Passive immunization with pooled sera from immunized adult mice with TIV-IMXQB-adjuvanted vaccine contributed to faster recovery of aged mice against sublethal challenge with A/Uruguay/897/2018 (H1N1)pdm09-like virus. Mice aged 15 months old were intranasally infected with a sublethal dose (1 × 10⁴ TCID₅₀/50 µL) of A/Uruguay/897/2018 (H1N1)pdm09-like virus. Twenty-four hours after that, the mice received, intraperitoneally, pooled sera from adult animals immunized with TIV (n = 7), TIV-IMXQB (n = 7), IMXQB (only nanoparticle adjuvant) (n = 5), or saline (n = 3) and monitored daily for clinical signs of disease, weight loss, and mortality for 21 days.
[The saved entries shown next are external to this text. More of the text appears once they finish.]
Lemma qform_diag G x : is_diag_mx G -> qform G x = \sum_k x k 0 ^+ 2 * G k k.
Proof.
move=> /is_diag_mxP Gd; rewrite /qform mxE; apply: eq_bigr => k _.
rewrite mxE (bigD1 k) //= big1 ?addr0; first by rewrite !mxE expr2; ring.
by move=> l lk; rewrite Gd ?mulr0 // eq_sym.
Qed.

Definition signv (e : 'I_n -> bool) : 'cV[R]_n := \col_k sgn R (e k).

Lemma vertexE V e : vertex V e = 2^-1 *: (V *m signv e).
Proof.
apply/matrixP => k l; rewrite !mxE summxE; congr (_ * _).
by apply: eq_bigr => j _; rewrite !mxE mulrC.
Qed.

Lemma inscribedE A V :
  inscribed A V <-> forall e, qform (V^T *m invmx A *m V) (signv e) = 4.
Proof.
by split=> h e; have := h e; rewrite vertexE qformZ qform_mulmx => ?; lra.
Qed.

Lemma qform_signv_diag G e : is_diag_mx G -> qform G (signv e) = \tr G.
Proof.
move=> Gd; rewrite qform_diag //; apply: eq_bigr => k _.
by rewrite mxE; case: (e k); rewrite /sgn /= ?sqrrN expr1n mul1r.
Qed.

(* Four sign vectors agreeing off [i, j] and taking all signs at [i, j]:
   the alternating sum of their quadratic forms is [8 G i j]. *)
Lemma signv_qform_const_diag G c :
  G^T = G -> (forall e, qform G (signv e) = c) -> is_diag_mx G.
Proof.
move=> GT Hc; apply/is_diag_mxP => i j ij; have {}ij : i != j by [].
pose t : 'cV[R]_n := \col_k (if (k == i) || (k == j) then 0 else 1).
pose eab a b (k : 'I_n) := if k == i then a else if k == j then b else true.
have Es a b : signv (eab a b) =
    t + sgn R a *: delta_mx i 0 + sgn R b *: delta_mx j 0.
  apply/matrixP => k l; rewrite (ord1 l) !mxE /eab.
  case: (k =P i) => [->|ki]; first by rewrite eqxx (negbTE ij) /=; ring.
  by case: (k =P j) => [_|kj] /=; ring.
have Gji : G j i = G i j by rewrite -[in RHS]GT mxE.
have := Hc (eab true true); have := Hc (eab true false).
have := Hc (eab false true); have := Hc (eab false false).
rewrite !Es /qform -!/(bform _ _ _) !bformDl !bformDr !bformZl !bformZr.
by rewrite !bform_delta Gji /sgn; lra.
Qed.

Lemma sym_posdef1 : sym_posdef (1%:M : 'M[R]_n).
Proof.
split=> [|x x0]; first exact: trmx1.
have [k xk] : exists k, x k 0 != 0.
  apply/existsP; apply: contraNT x0 => /existsPn x0.
  apply/eqP/matrixP => k l; rewrite (ord1 l) mxE; apply/eqP.
  by move: (x0 k); rewrite negbK.
rewrite qform_diag ?scalar_mx_is_diag // (bigD1 k) //= mxE eqxx mulr1.
apply: ltr_wpDr; last by rewrite lt_def sqr_ge0 sqrf_eq0 xk.
by apply: sumr_ge0 => l _; rewrite mxE eqxx mulr1 sqr_ge0.
Qed.

Lemma posdef_unitmx M : sym_posdef M -> M \in unitmx.
Proof.
case=> _ Mpos; rewrite unitmxE unitfE; apply/negP => /det0P [v v0 vM].
have := Mpos v^T; rewrite trmx_eq0 v0 => /(_ isT).
by rewrite /qform trmxK vM mul0mx mxE ltxx.
Qed.

Lemma posdef_congr M P :
  sym_posdef M -> P \in unitmx -> sym_posdef (P^T *m M *m P).
Proof.
case=> MT Mpos Pu; split=> [|x x0]; first by rewrite !trmx_mul trmxK MT mulmxA.
rewrite -qform_mulmx; apply: Mpos; apply: contra x0 => /eqP Px0.
by rewrite -(mulKmx Pu x) Px0 mulmx0.
Qed.

Lemma posdef_diag_gt0 M i : sym_posdef M -> 0 < M i i.
Proof.
case=> _ Mpos; rewrite -bform_delta; apply: Mpos.
by apply/eqP => /matrixP/(_ i 0); rewrite !mxE !eqxx => /eqP; rewrite oner_eq0.
Qed.

Lemma posdef_qform_col_gt0 M P i :
  sym_posdef M -> P \in unitmx -> 0 < qform M (col i P).
Proof.
by move=> Mpos Pu; rewrite qform_col; apply/posdef_diag_gt0/posdef_congr.
Qed.

Lemma posdef_mxtrace_gt0 M : (0 < n)%N -> sym_posdef M -> 0 < \tr M.
Proof.
move=> n0 Mpos; rewrite /mxtrace (bigD1 (Ordinal n0)) //=.
apply: ltr_wpDr; last exact: posdef_diag_gt0.
by apply: sumr_ge0 => i _; exact/ltW/posdef_diag_gt0.
Qed.

Lemma orthogonal_mx_unit U : orthogonal_mx U -> U \in unitmx.
Proof. by case/mulmx1_unit. Qed.

Lemma sum_qform_orthogonal_col M U :
  orthogonal_mx U -> \sum_i qform M (col i U) = \tr M.
Proof.
move=> UU; under eq_bigr do rewrite qform_col.
by rewrite -/(mxtrace _) -mulmxA mxtrace_mulC -mulmxA (mulmx1C UU) mulmx1.
Qed.

Lemma orthogonal_col_factor W : W \in unitmx -> is_diag_mx (W^T *m W) ->
  exists U (lam : 'I_n -> R), [/\ orthogonal_mx U, forall i, 0 < lam i,
    forall i, lam i ^+ 2 = (W^T *m W) i i &
    forall i, col i W = lam i *: col i U].
Proof.
move=> Wu /is_diag_mxP Gd; set G := W^T *m W.
have Gpos i : 0 < G i i.
  by have := posdef_congr sym_posdef1 Wu; rewrite mulmx1 => /posdef_diag_gt0.
pose lam i := Num.sqrt (G i i).
have lam_neq0 i : lam i != 0 by rewrite lt0r_neq0 ?sqrtr_gt0.
have lam2 i : lam i ^+ 2 = G i i by rewrite sqr_sqrtr ?ltW.
exists (\matrix_(l, k) (W l k / lam k)), lam; split=> // [|i|i].
- apply/matrixP => i j; transitivity (G i j / lam i / lam j).
    rewrite !mxE !mulr_suml; apply: eq_bigr => l _; rewrite !mxE; ring.
  rewrite [in RHS]mxE; case: (i =P j) => [<-|ij].
    by rewrite -lam2 /=; field.
  by rewrite Gd ?mul0r //; apply/eqP => /ord_inj.
- by rewrite sqrtr_gt0.
- by apply/matrixP => k l; rewrite !mxE mulrC divfK.
Qed.

Lemma sqrt_invmx_congr A B : B^T = B -> B \in unitmx -> B *m B = A ->
  B^T *m invmx A *m B = 1%:M.
Proof.
move=> BT Bu BB; have Au : A \in unitmx by rewrite -BB unitmx_mul Bu.
rewrite BT -{1}[B](mulKmx Bu B) BB -(mulmxA (invmx B) A) mulmxV // mulmx1.
exact: mulVmx.
Qed.

Lemma gram_invmx_sqrt A B W : B^T = B -> B \in unitmx -> B *m B = A ->
  (B *m W)^T *m invmx A *m (B *m W) = W^T *m W.
Proof.
move=> BT Bu BB; transitivity (W^T *m (B^T *m invmx A *m B) *m W).
  by rewrite trmx_mul !mulmxA.
by rewrite sqrt_invmx_congr // mulmx1.
Qed.

Lemma unit_inscribedP A B V : B^T = B -> B \in unitmx -> B *m B = A ->
  V \in unitmx /\ inscribed A V <->
  exists U (lam : 'I_n -> R), [/\ orthogonal_mx U, forall i, 0 < lam i,
    \sum_i lam i ^+ 2 = 4 & forall i, edge V i = lam i *: (B *m col i U)].
Proof.
move=> BT Bu BB; split=> [[Vu /inscribedE Vin]|[U [lam [UU lam0 lam2 eV]]]].
  pose W := invmx B *m V; have VW : V = B *m W by rewrite mulKVmx.
  have Wu : W \in unitmx by rewrite unitmx_mul unitmx_inv Bu Vu.
  rewrite VW gram_invmx_sqrt // in Vin.
  have Wd : is_diag_mx (W^T *m W).
    by apply: signv_qform_const_diag Vin; rewrite trmx_mul trmxK.
  have [U [lam [UU lam0 lam2 WU]]] := orthogonal_col_factor Wu Wd.
  exists U, lam; split=> // [|i].
    under eq_bigr do rewrite lam2.
    by rewrite -/(mxtrace _) -(qform_signv_diag (fun=> true) Wd).
  by rewrite /edge VW colE -mulmxA -colE WU scalemxAr.
pose D := diag_mx (\row_i lam i).
have VUD : V = B *m (U *m D).
  apply/matrixP => k i; move/matrixP: (eV i) => /(_ k 0).
  rewrite /edge !mxE => ->.
  by rewrite mulr_sumr; apply: eq_bigr => j _; rewrite mul_mx_diag !mxE; ring.
have Du : D \in unitmx.
  rewrite unitmxE det_diag unitfE lt0r_neq0 //.
  by apply: prodr_gt0 => i _; rewrite mxE.
split; first by rewrite VUD !unitmx_mul Bu orthogonal_mx_unit.
apply/inscribedE => e; rewrite VUD gram_invmx_sqrt //.
have -> : (U *m D)^T *m (U *m D) = D *m D.
  by rewrite trmx_mul tr_diag_mx -mulmxA (mulmxA U^T) UU mul1mx.
rewrite mulmx_diag qform_signv_diag ?diag_mx_is_diag // mxtrace_diag -lam2.
by apply: eq_bigr => i _; rewrite !mxE expr2.
Qed.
The plot shows body weight retained in each group vs. time (represented by the mean and error). Statistical analyses were performed using the non-parametric Kruskal–Wallis test with uncorrected Dunn’s post hoc test for multiple comparisons, and each group was compared with the TIV-IMXQB group. Significant differences are indicated with the p-specific value.